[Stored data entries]
(* Let $\underline{\mathbb{G}}=(\mathbb{G},\mathcal{V},\omega_{\mathcal{V}},\mathcal{F},\omega_{\mathcal{F}})$ be a packaged ribbon graph with dual $\underline{\mathbb{G}}^*$. Then \[\boldsymbol{T}(\underline{\mathbb{G}};\boldsymbol{x},\boldsymbol{y})=\boldsymbol{T}(\underline{\mathbb{G}}^*; \boldsymbol{y},\boldsymbol{x}),\] i.e. the right-hand side is obtained by evaluating $\boldsymbol{T}(\underline{\mathbb{G}}^*;\cdot,\cdot)$ with the roles of the variable tuples $\boldsymbol{x}$ and $\boldsymbol{y}$ interchanged.
   Context: All ribbon graphs are orientable. A ribbon graph $\mathbb{G}=(V,E)$ is an orientable surface with boundary formed as a union of discs $V$ (vertices) and discs $E$ (edges) meeting in disjoint arcs, each arc on the boundary of exactly one vertex and one edge, each edge containing two arcs. For a ribbon graph, $v,e,f,k$ denote numbers of vertices, edges, boundary components, components; for a graph, $v,e,k$ likewise and nullity $n=e-v+k$. $\mathbb{G}|A$ ($A\subseteq E$) is the spanning ribbon subgraph with edge set $A$; $A^c=E\setminus A$. The dual $\mathbb{G}^*$ is obtained by capping each boundary component of $\mathbb{G}$ with a disc; these discs are the vertices of $\mathbb{G}^*$, edges are those of $\mathbb{G}$; vertices of $\mathbb{G}^*$ are identified with boundary components of $\mathbb{G}$ and boundary components of $\mathbb{G}^*$ with vertices of $\mathbb{G}$. A packaged ribbon graph is $\underline{\mathbb{G}}=(\mathbb{G},\mathcal{V},\omega_{\mathcal{V}},\mathcal{F},\omega_{\mathcal{F}})$ with $\mathbb{G}=(V,E)$ a ribbon graph with boundary components $F$, $\mathcal{V}$ a partition of $V$, $\mathcal{F}$ a partition of $F$, weightings $\omega_{\mathcal{V}}:\mathcal{V}\to\mathbb{N}_0$, $\omega_{\mathcal{F}}:\mathcal{F}\to\mathbb{N}_0$. Its dual is $\underline{\mathbb{G}}^*=(\mathbb{G}^*,\mathcal{F},\omega_{\mathcal{F}},\mathcal{V},\omega_{\mathcal{V}})$, where $\mathcal{F}$ is viewed as a partition of the vertices of $\mathbb{G}^*$ and $\mathcal{V}$ as a partition of the boundary components of $\mathbb{G}^*$. Packaging: for a ribbon graph $\mathbb{H}$ with partition $\mathcal{P}$ of its vertices and block weights $\omega$, $G(\mathbb{H};\mathcal{P})$ has vertex set $\mathcal{P}$ and an edge $([u],[v])$ for each edge $(u,v)$ of $\mathbb{H}$ (loops/multi-edges allowed), vertices weighted by $\omega$. For a subgraph $K$, $\mathbb{H}[K]$ is the ribbon subgraph of $\mathbb{H}$ consisting of all vertices in blocks that are vertices of $K$ and the edges corresponding to edges of $K$; $f(\mathbb{H}[K])$ is its number of boundary components; $\omega(K)$ is the sum of weights of vertices of $K$. The packaged surface Tutte polynomial, with $\boldsymbol{x}=(x,x_0,x_{1/2},x_1,\dots)$, $\boldsymbol{y}=(y,y_0,y_{1/2},y_1,\dots)$: \[\boldsymbol{T}(\underline{\mathbb{G}};\boldsymbol{x},\boldsymbol{y})= \sum_{A\subseteq E} x^{n(G(\mathbb{G}^*|A^c;\mathcal{F}))}y^{n(G(\mathbb{G}|A;\mathcal{V}))}\prod_{H \text{ cpt. of } G(\mathbb{G}^*|A^c;\mathcal{F})}x_{g(\mathbb{G}^*,H)}\prod_{K \text{ cpt. of } G(\mathbb{G}|A;\mathcal{V})}y_{g(\mathbb{G},K)},\] where $G(\mathbb{G}|A;\mathcal{V})$ uses weights $\omega_{\mathcal{V}}$, $G(\mathbb{G}^*|A^c;\mathcal{F})$ uses weights $\omega_{\mathcal{F}}$, $g(\mathbb{G},K)=\tfrac12(2k(K)+e(K)-v(K)+\omega_{\mathcal{V}}(K)-f(\mathbb{G}[K]))$ and $g(\mathbb{G}^*,H)=\tfrac12(2k(H)+e(H)-v(H)+\omega_{\mathcal{F}}(H)-f(\mathbb{G}^*[H]))$. *)

From HB Require Import structures.
From mathcomp Require Import all_boot all_algebra.
Unset Printing Implicit Defensive.
Import GRing.Theory.

(* Darts are pairs (e, b) : rE * bool, the two ends of
   edge e; the edge involution alpha is [flip].  [rot] is the vertex rotation
   sigma; boundary components are orbits of phi = rot \o flip, together with
   one boundary component for each isolated (dartless) vertex. *)
Record ribbon := Ribbon {
  rV : finType;
  rF : finType;
  rE : finType;
  rot : rE * bool -> rE * bool;
  vtx : rE * bool -> rV;
  fce : rE * bool -> rF;
  isoVF : rV -> rF;           (* isolated vertex |-> its boundary component *)
  isoFV : rF -> rV
}.
Arguments rot : clear implicits. Arguments vtx : clear implicits.
Arguments fce : clear implicits. Arguments isoVF : clear implicits.
Arguments isoFV : clear implicits.

Definition flip {E : Type} (d : E * bool) : E * bool := (d.1, ~~ d.2).

Definition phi (G : ribbon) (d : rE G * bool) : rE G * bool := rot G (flip d).

Definition dartless_v (G : ribbon) (v : rV G) : bool := [forall d, vtx G d != v].
Definition dartless_f (G : ribbon) (f : rF G) : bool := [forall d, fce G d != f].

Definition ribbon_ok (G : ribbon) : Prop :=
  injective (rot G) /\
  (forall d, vtx G (rot G d) = vtx G d) /\
  (forall d d', vtx G d = vtx G d' -> fconnect (rot G) d d') /\
  (forall d, fce G (phi G d) = fce G d) /\
  (forall d d', fce G d = fce G d' -> fconnect (phi G) d d') /\
  (forall v, dartless_v G v -> dartless_f G (isoVF G v) /\ isoFV G (isoVF G v) = v) /\
  (forall f, dartless_f G f -> dartless_v G (isoFV G f) /\ isoVF G (isoFV G f) = f).

(* The dual: boundary components become vertices and vice versa;
   sigma* = phi, so phi* = phi \o flip = sigma. *)
Definition dual (G : ribbon) : ribbon :=
  @Ribbon (rF G) (rV G) (rE G) (phi G) (fce G) (vtx G) (isoFV G) (isoVF G).

(* Number of boundary components of the ribbon subgraph of G with vertex set
   W and edge set B (edges of B are assumed to have both ends in W). *)
Definition alphaB (G : ribbon) (B : {set rE G}) (d : rE G * bool) :=
  if d.1 \in B then flip d else d.
Definition phiB (G : ribbon) (B : {set rE G}) (d : rE G * bool) :=
  rot G (alphaB G B d).
Definition nbound (G : ribbon) (W : {set rV G}) (B : {set rE G}) : nat :=
  #|[set [set y | fconnect (phiB G B) x y] | x in [set d | vtx G d \in W]]|
  + #|[set v in W | dartless_v G v]|.

Local Open Scope ring_scope.

(* One factor of the packaged surface Tutte polynomial:
   y^{n(G(G|A;P))} * prod_{K cpt of G(G|A;P)} ys (2 g(G,K)),
   where the variable y_{m/2} is encoded as ys m (m : int). *)
Definition tfactor (R : comNzRingType) (G : ribbon) (P : {set {set rV G}})
    (w : {set rV G} -> nat) (A : {set rE G}) (y : R) (ys : int -> R) : R :=
  let blk := fun d : rE G * bool => pblock P (vtx G d) in
  let adj : rel {set rV G} := fun X Y =>
    [exists e in A, ((blk (e, true) == X) && (blk (e, false) == Y))
                    || ((blk (e, false) == X) && (blk (e, true) == Y))] in
  let comps := [set [set Y in P | connect adj X Y] | X in P] in
  let nul := ((#|A| + #|comps|) - #|P|)%N in
  let edgesK := fun K : {set {set rV G}} => [set e in A | blk (e, true) \in K] in
  let genus2 := fun K : {set {set rV G}} =>
    ((2 + #|edgesK K| + \sum_(X in K) w X)%N%:Z
      - (#|K| + nbound G (cover K) (edgesK K))%N%:Z)%R in
  y ^+ nul * \prod_(K in comps) ys (genus2 K).

Record pack := Pack {
  pG : ribbon;
  PV : {set {set rV pG}};
  wV : {set rV pG} -> nat;
  PF : {set {set rF pG}};
  wF : {set rF pG} -> nat
}.
Arguments PV : clear implicits. Arguments wV : clear implicits.
Arguments PF : clear implicits. Arguments wF : clear implicits.

Definition pack_ok (P : pack) : Prop :=
  ribbon_ok (pG P) /\ partition (PV P) [set: rV (pG P)]
  /\ partition (PF P) [set: rF (pG P)].

Definition dual_pack (P : pack) : pack :=
  @Pack (dual (pG P)) (PF P) (wF P) (PV P) (wV P).

(* Packaged surface Tutte polynomial, evaluated at
   x, xs (xs m = x_{m/2}) and y, ys (ys m = y_{m/2}). *)
Definition surfTutte (R : comNzRingType) (P : pack) (x : R) (xs : int -> R)
    (y : R) (ys : int -> R) : R :=
  \sum_(A : {set rE (pG P)})
     tfactor R (dual (pG P)) (PF P) (wF P) (~: A) x xs
   * tfactor R (pG P) (PV P) (wV P) A y ys.

(* Complementing the edge set, A |-> A^c, exchanges the two factors of the
   summand of T(G) indexed by A with those of the summand of T(G^* ) indexed
   by A^c, because duality is an involution: the vertex rotation of G^* is
   phi = rot \o flip, so that of G^** is rot \o flip \o flip = rot. *)
From Pilot Require Import Defs.
From mathcomp Require Import all_boot all_algebra.
From Stdlib Require Import FunctionalExtensionality.
Import GRing.Theory.

Lemma flipK (E : Type) : involutive (@flip E).
Proof. by case=> e b; rewrite /flip /= negbK. Qed.

Lemma phi_dual (G : ribbon) : phi (dual G) = Defs.rot G.
Proof. by apply: functional_extensionality => d; rewrite /phi /= /phi flipK. Qed.

(* Stated for [tfactor] rather than as [dual (dual G) = G]: the latter cannot
   be rewritten in terms whose types depend on [G]. *)
Lemma tfactor_dualK (R : comNzRingType) (G : ribbon) :
  @tfactor R (dual (dual G)) = @tfactor R G.
Proof. by case: G => V F E r v f i j; rewrite [dual (dual _)]/dual phi_dual. Qed.

Theorem theorem3p5 (R : comNzRingType) (P : pack) :
  pack_ok P ->
  forall (x : R) (xs : int -> R) (y : R) (ys : int -> R),
    surfTutte R P x xs y ys = surfTutte R (dual_pack P) y ys x xs.
Proof.
move=> _ x xs y ys; rewrite /surfTutte /=.
rewrite (reindex_inj (@setC_inj _)) /=.
by apply: eq_bigr => A _; rewrite tfactor_dualK setCK mulrC.
Qed.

Task to carry out: If a line above holds the word "implicits", copy it.

Output for this exercise:
Arguments rot : clear implicits. Arguments vtx : clear implicits.
Arguments fce : clear implicits. Arguments isoVF : clear implicits.
Arguments isoFV : clear implicits.
Arguments PV : clear implicits. Arguments wV : clear implicits.
Arguments PF : clear implicits. Arguments wF : clear implicits.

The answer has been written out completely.